Task objective – Write out the full set of records below exactly.

Stored data entries –
Lemma to35K p : profile_cond p -> to17 (to35 p) = p.
Proof.
case: p => x y; rewrite /profile_cond /cond_tilde_of /= => cond_xy.
rewrite /to35; case: ifP => dvd3; last case: ifP => dvd5.
- have le_c : 2 * ((nparts x - nparts y) %/ 3) <= x ord0 by lia.
  rewrite /to17 nparts_decr0 // ifT; last by lia.
  by rewrite (_ : 2 * _ = 2 * ((nparts x - nparts y) %/ 3)) ?decr0K //; lia.
- have le_c : 4 * ((nparts x - nparts y) %/ 5) <= x ord0 by lia.
  rewrite /to17 nparts_decr0 // ifF; last by lia.
  rewrite ifT; last by lia.
  by rewrite (_ : 4 * _ = 4 * ((nparts x - nparts y) %/ 5)) ?decr0K //; lia.
- have le_c : (4 * (nparts x - nparts y) - 3) %/ 5 <= x ord0 by lia.
  have le_1 : 1 <= y ord0 by lia.
  have le_y0 := ord0_le_nparts y.
  rewrite /to17 !nparts_decr0 // ifF; last by lia.
  rewrite ifF; last by lia.
  by rewrite (_ : 4 * _ - 7 = (4 * (nparts x - nparts y) - 3) %/ 5) ?decr0K //; lia.
Qed.

Lemma weight_to35 p : profile_cond p ->
  weight 3 (to35 p).1 + weight 5 (to35 p).2 = weight 1 p.1 + weight 7 p.2.
Proof. by move=> cond_p; rewrite -[in RHS](to35K cond_p) weight_to17. Qed.

End Profiles.

Definition in_class L t i := (i %% 8 == t) && (i < 8 * L.+1).
Definition in_classes L r s : pred nat := fun i => in_class L r i || in_class L s i.

Lemma eq_block L (j k : 'I_L.+1) t t' : t < 8 -> t' < 8 ->
  (8 * j + t == 8 * k + t') = (j == k) && (t == t').
Proof.
move=> t_lt8 t'_lt8; rewrite -val_eqE /=.
by apply/eqP/andP => [?|[/eqP -> /eqP ->]] //; split; apply/eqP; lia.
Qed.

Lemma mod8_block k t t' : t < 8 -> t' < 8 -> ((8 * k + t) %% 8 == t' %% 8) = (t == t').
Proof. by move=> t_lt8 t'_lt8; rewrite mulnC modnMDl !modn_small. Qed.

Definition admissible_classes r s := [&& 0 < r, r < 8, 0 < s, s < 8 & r != s].

Fact admissible17 : admissible_classes 1 7. Proof. by []. Qed.
Fact admissible35 : admissible_classes 3 5. Proof. by []. Qed.
Lemma seq_legal_writes v w l rest : l <> [] -> seq_legal w rest ->
  seq_legal v (flat_map (fun _ : nat => [(OWrite w, RAck)]) l ++ rest).
Proof.
  intros Hl H. destruct l as [|r l]; [congruence|]. simpl. split; auto. clear r Hl.
  induction l as [|r l IH]; simpl; [|split]; auto.
Qed.

Lemma readers_nonempty n : 3 <= n -> readers n <> [].
Proof. intros Hn. unfold readers. destruct (n - 2) eqn:E; [lia|discriminate]. Qed.

Lemma seq_legal_round n j b K : 3 <= n ->
  seq_legal (init_val (K, j)) (markers (kind_items K (round_ann n j b))).
Proof.
  intros Hn. rewrite round_ann_closed. cbn [p0_ann]. unfold r1_lin.
  destruct b, K; rewrite !kind_items_app, !kind_items_flat_map, !markers_app, !markers_flat_map;
    simpl; rewrite ?flat_map_nil, <- ?app_assoc; simpl.
  all: repeat first [ exact I | split; [reflexivity|] | apply seq_legal_reads
                    | apply seq_legal_writes; [apply readers_nonempty; auto|] ].
Qed.

Lemma proj_erase r a : proj r (erase a) = erase (reg_items r a).
Proof.
  induction a as [|[e|p r' o x] a IH]; auto; simpl; unfold proj in *; simpl.
  - destruct (reg_eq_dec (ev_reg e) r); simpl; rewrite IH; reflexivity.
  - destruct (reg_eq_dec r' r); auto.
Qed.

Lemma step_ann_in_round n p j b s : Forall (fun it => snd (item_reg it) = j) (step_ann n p j b s).
Proof.
  destruct p as [|[|p]].
  - destruct s as [|[|[|[|[|[|[|s]]]]]]]; simpl; repeat constructor.
    unfold r1_lin. apply Forall_app. split; [destruct b|repeat constructor].
    all: rewrite !Forall_app, Forall_flat_map; repeat split; repeat constructor.
    all: apply Forall_forall; repeat constructor.
  - destruct s as [|[|[|[|s]]]]; simpl; repeat constructor.
  - destruct s as [|[|[|[|[|[|[|[|s]]]]]]]]; simpl; repeat constructor.
Qed.

Lemma sched_ann_in_round n j b pre l :
  Forall (fun it => snd (item_reg it) = j) (sched_ann n j b pre l).
Proof.
  revert pre. induction l as [|p l IH]; intros pre; simpl; auto.
  apply Forall_app. split; auto using step_ann_in_round.
Qed.

Lemma reg_items_on_round K j0 j a : Forall (fun it => snd (item_reg it) = j) a ->
  reg_items (K, j0) a = if j0 =? j then kind_items K a else [].
Proof.
  induction 1 as [|it a Hit Ha IH]; [destruct (j0 =? j); reflexivity|].
  unfold reg_items, kind_items in *. cbn [filter]. rewrite IH.
  destruct (item_reg it) as [K' j'] eqn:E. cbn [fst snd] in *. subst j'.
  destruct (reg_eq_dec (K', j) (K, j0)) as [Heq|Hne].
  - injection Heq as -> ->. rewrite Nat.eqb_refl.
    destruct (regkind_eq_dec K K); [reflexivity|congruence].
  - destruct (Nat.eqb_spec j0 j) as [->|]; [|reflexivity].
    destruct (regkind_eq_dec K' K) as [->|]; [congruence|reflexivity].
Qed.

Lemma reg_items_run_ann n coins K j0 j : reg_items (K, j0) (run_ann n coins j) =
  if j0 <? j then kind_items K (round_ann n j0 (coins j0)) else [].
Proof.
  induction j as [|j IH]; auto. simpl.
  rewrite reg_items_app, IH, (reg_items_on_round K j0 j) by apply sched_ann_in_round.
  destruct (Nat.ltb_spec j0 j), (Nat.eqb_spec j0 j), (Nat.ltb_spec j0 (S j));
    subst; try lia; rewrite ?app_nil_r; reflexivity.
Qed.

Lemma reg_items_prefix n coins K j0 j k : exists rest,
  reg_items (K, j0) (run_ann n coins j ++ sched_ann n j (coins j) [] (firstn k (round_sched n)))
    ++ rest = kind_items K (round_ann n j0 (coins j0)).
Proof.
  rewrite reg_items_app, reg_items_run_ann, (reg_items_on_round K j0 j) by apply sched_ann_in_round.
  destruct (Nat.ltb_spec j0 j), (Nat.eqb_spec j0 j); subst; try lia.
  - exists []. rewrite !app_nil_r. reflexivity.
  - exists (kind_items K
              (sched_ann n j (coins j) (firstn k (round_sched n)) (skipn k (round_sched n)))).
    rewrite app_nil_l, <- kind_items_app, <- sched_ann_app, firstn_skipn. reflexivity.
  - exists (kind_items K (round_ann n j0 (coins j0))). reflexivity.
Qed.

Lemma regs_linearizable_reached n coins j k : 3 <= n ->
  regs_linearizable
    (erase (run_ann n coins j ++ sched_ann n j (coins j) [] (firstn k (round_sched n)))).
Proof.
  intros Hn [K j0]. rewrite proj_erase.
  destruct (reg_items_prefix n coins K j0 j k) as [rest Hrest].
  apply linearizable_erase.
  - apply well_annotated_app_l with rest. rewrite Hrest. apply well_annotated_round.
  - apply seq_legal_app_l with (markers rest). rewrite <- markers_app, Hrest.
    apply seq_legal_round; auto.
Qed.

Answer –
Lemma to35K p : profile_cond p -> to17 (to35 p) = p.
Proof.
case: p => x y; rewrite /profile_cond /cond_tilde_of /= => cond_xy.
rewrite /to35; case: ifP => dvd3; last case: ifP => dvd5.
- have le_c : 2 * ((nparts x - nparts y) %/ 3) <= x ord0 by lia.
  rewrite /to17 nparts_decr0 // ifT; last by lia.
  by rewrite (_ : 2 * _ = 2 * ((nparts x - nparts y) %/ 3)) ?decr0K //; lia.
- have le_c : 4 * ((nparts x - nparts y) %/ 5) <= x ord0 by lia.
  rewrite /to17 nparts_decr0 // ifF; last by lia.
  rewrite ifT; last by lia.
  by rewrite (_ : 4 * _ = 4 * ((nparts x - nparts y) %/ 5)) ?decr0K //; lia.
- have le_c : (4 * (nparts x - nparts y) - 3) %/ 5 <= x ord0 by lia.
  have le_1 : 1 <= y ord0 by lia.
  have le_y0 := ord0_le_nparts y.
  rewrite /to17 !nparts_decr0 // ifF; last by lia.
  rewrite ifF; last by lia.
  by rewrite (_ : 4 * _ - 7 = (4 * (nparts x - nparts y) - 3) %/ 5) ?decr0K //; lia.
Qed.

Lemma weight_to35 p : profile_cond p ->
  weight 3 (to35 p).1 + weight 5 (to35 p).2 = weight 1 p.1 + weight 7 p.2.
Proof. by move=> cond_p; rewrite -[in RHS](to35K cond_p) weight_to17. Qed.

End Profiles.

Definition in_class L t i := (i %% 8 == t) && (i < 8 * L.+1).
Definition in_classes L r s : pred nat := fun i => in_class L r i || in_class L s i.

Lemma eq_block L (j k : 'I_L.+1) t t' : t < 8 -> t' < 8 ->
  (8 * j + t == 8 * k + t') = (j == k) && (t == t').
Proof.
move=> t_lt8 t'_lt8; rewrite -val_eqE /=.
by apply/eqP/andP => [?|[/eqP -> /eqP ->]] //; split; apply/eqP; lia.
Qed.

Lemma mod8_block k t t' : t < 8 -> t' < 8 -> ((8 * k + t) %% 8 == t' %% 8) = (t == t').
Proof. by move=> t_lt8 t'_lt8; rewrite mulnC modnMDl !modn_small. Qed.

Definition admissible_classes r s := [&& 0 < r, r < 8, 0 < s, s < 8 & r != s].

Fact admissible17 : admissible_classes 1 7. Proof. by []. Qed.
Fact admissible35 : admissible_classes 3 5. Proof. by []. Qed.
Lemma seq_legal_writes v w l rest : l <> [] -> seq_legal w rest ->
  seq_legal v (flat_map (fun _ : nat => [(OWrite w, RAck)]) l ++ rest).
Proof.
  intros Hl H. destruct l as [|r l]; [congruence|]. simpl. split; auto. clear r Hl.
  induction l as [|r l IH]; simpl; [|split]; auto.
Qed.

Lemma readers_nonempty n : 3 <= n -> readers n <> [].
Proof. intros Hn. unfold readers. destruct (n - 2) eqn:E; [lia|discriminate]. Qed.

Lemma seq_legal_round n j b K : 3 <= n ->
  seq_legal (init_val (K, j)) (markers (kind_items K (round_ann n j b))).
Proof.
  intros Hn. rewrite round_ann_closed. cbn [p0_ann]. unfold r1_lin.
  destruct b, K; rewrite !kind_items_app, !kind_items_flat_map, !markers_app, !markers_flat_map;
    simpl; rewrite ?flat_map_nil, <- ?app_assoc; simpl.
  all: repeat first [ exact I | split; [reflexivity|] | apply seq_legal_reads
                    | apply seq_legal_writes; [apply readers_nonempty; auto|] ].
Qed.

Lemma proj_erase r a : proj r (erase a) = erase (reg_items r a).
Proof.
  induction a as [|[e|p r' o x] a IH]; auto; simpl; unfold proj in *; simpl.
  - destruct (reg_eq_dec (ev_reg e) r); simpl; rewrite IH; reflexivity.
  - destruct (reg_eq_dec r' r); auto.
Qed.

Lemma step_ann_in_round n p j b s : Forall (fun it => snd (item_reg it) = j) (step_ann n p j b s).
Proof.
  destruct p as [|[|p]].
  - destruct s as [|[|[|[|[|[|[|s]]]]]]]; simpl; repeat constructor.
    unfold r1_lin. apply Forall_app. split; [destruct b|repeat constructor].
    all: rewrite !Forall_app, Forall_flat_map; repeat split; repeat constructor.
    all: apply Forall_forall; repeat constructor.
  - destruct s as [|[|[|[|s]]]]; simpl; repeat constructor.
  - destruct s as [|[|[|[|[|[|[|[|s]]]]]]]]; simpl; repeat constructor.
Qed.

Lemma sched_ann_in_round n j b pre l :
  Forall (fun it => snd (item_reg it) = j) (sched_ann n j b pre l).
Proof.
  revert pre. induction l as [|p l IH]; intros pre; simpl; auto.
  apply Forall_app. split; auto using step_ann_in_round.
Qed.

Lemma reg_items_on_round K j0 j a : Forall (fun it => snd (item_reg it) = j) a ->
  reg_items (K, j0) a = if j0 =? j then kind_items K a else [].
Proof.
  induction 1 as [|it a Hit Ha IH]; [destruct (j0 =? j); reflexivity|].
  unfold reg_items, kind_items in *. cbn [filter]. rewrite IH.
  destruct (item_reg it) as [K' j'] eqn:E. cbn [fst snd] in *. subst j'.
  destruct (reg_eq_dec (K', j) (K, j0)) as [Heq|Hne].
  - injection Heq as -> ->. rewrite Nat.eqb_refl.
    destruct (regkind_eq_dec K K); [reflexivity|congruence].
  - destruct (Nat.eqb_spec j0 j) as [->|]; [|reflexivity].
    destruct (regkind_eq_dec K' K) as [->|]; [congruence|reflexivity].
Qed.

Lemma reg_items_run_ann n coins K j0 j : reg_items (K, j0) (run_ann n coins j) =
  if j0 <? j then kind_items K (round_ann n j0 (coins j0)) else [].
Proof.
  induction j as [|j IH]; auto. simpl.
  rewrite reg_items_app, IH, (reg_items_on_round K j0 j) by apply sched_ann_in_round.
  destruct (Nat.ltb_spec j0 j), (Nat.eqb_spec j0 j), (Nat.ltb_spec j0 (S j));
    subst; try lia; rewrite ?app_nil_r; reflexivity.
Qed.

Lemma reg_items_prefix n coins K j0 j k : exists rest,
  reg_items (K, j0) (run_ann n coins j ++ sched_ann n j (coins j) [] (firstn k (round_sched n)))
    ++ rest = kind_items K (round_ann n j0 (coins j0)).
Proof.
  rewrite reg_items_app, reg_items_run_ann, (reg_items_on_round K j0 j) by apply sched_ann_in_round.
  destruct (Nat.ltb_spec j0 j), (Nat.eqb_spec j0 j); subst; try lia.
  - exists []. rewrite !app_nil_r. reflexivity.
  - exists (kind_items K
              (sched_ann n j (coins j) (firstn k (round_sched n)) (skipn k (round_sched n)))).
    rewrite app_nil_l, <- kind_items_app, <- sched_ann_app, firstn_skipn. reflexivity.
  - exists (kind_items K (round_ann n j0 (coins j0))). reflexivity.
Qed.

Lemma regs_linearizable_reached n coins j k : 3 <= n ->
  regs_linearizable
    (erase (run_ann n coins j ++ sched_ann n j (coins j) [] (firstn k (round_sched n)))).
Proof.
  intros Hn [K j0]. rewrite proj_erase.
  destruct (reg_items_prefix n coins K j0 j k) as [rest Hrest].
  apply linearizable_erase.
  - apply well_annotated_app_l with rest. rewrite Hrest. apply well_annotated_round.
  - apply seq_legal_app_l with (markers rest). rewrite <- markers_app, Hrest.
    apply seq_legal_round; auto.
Qed.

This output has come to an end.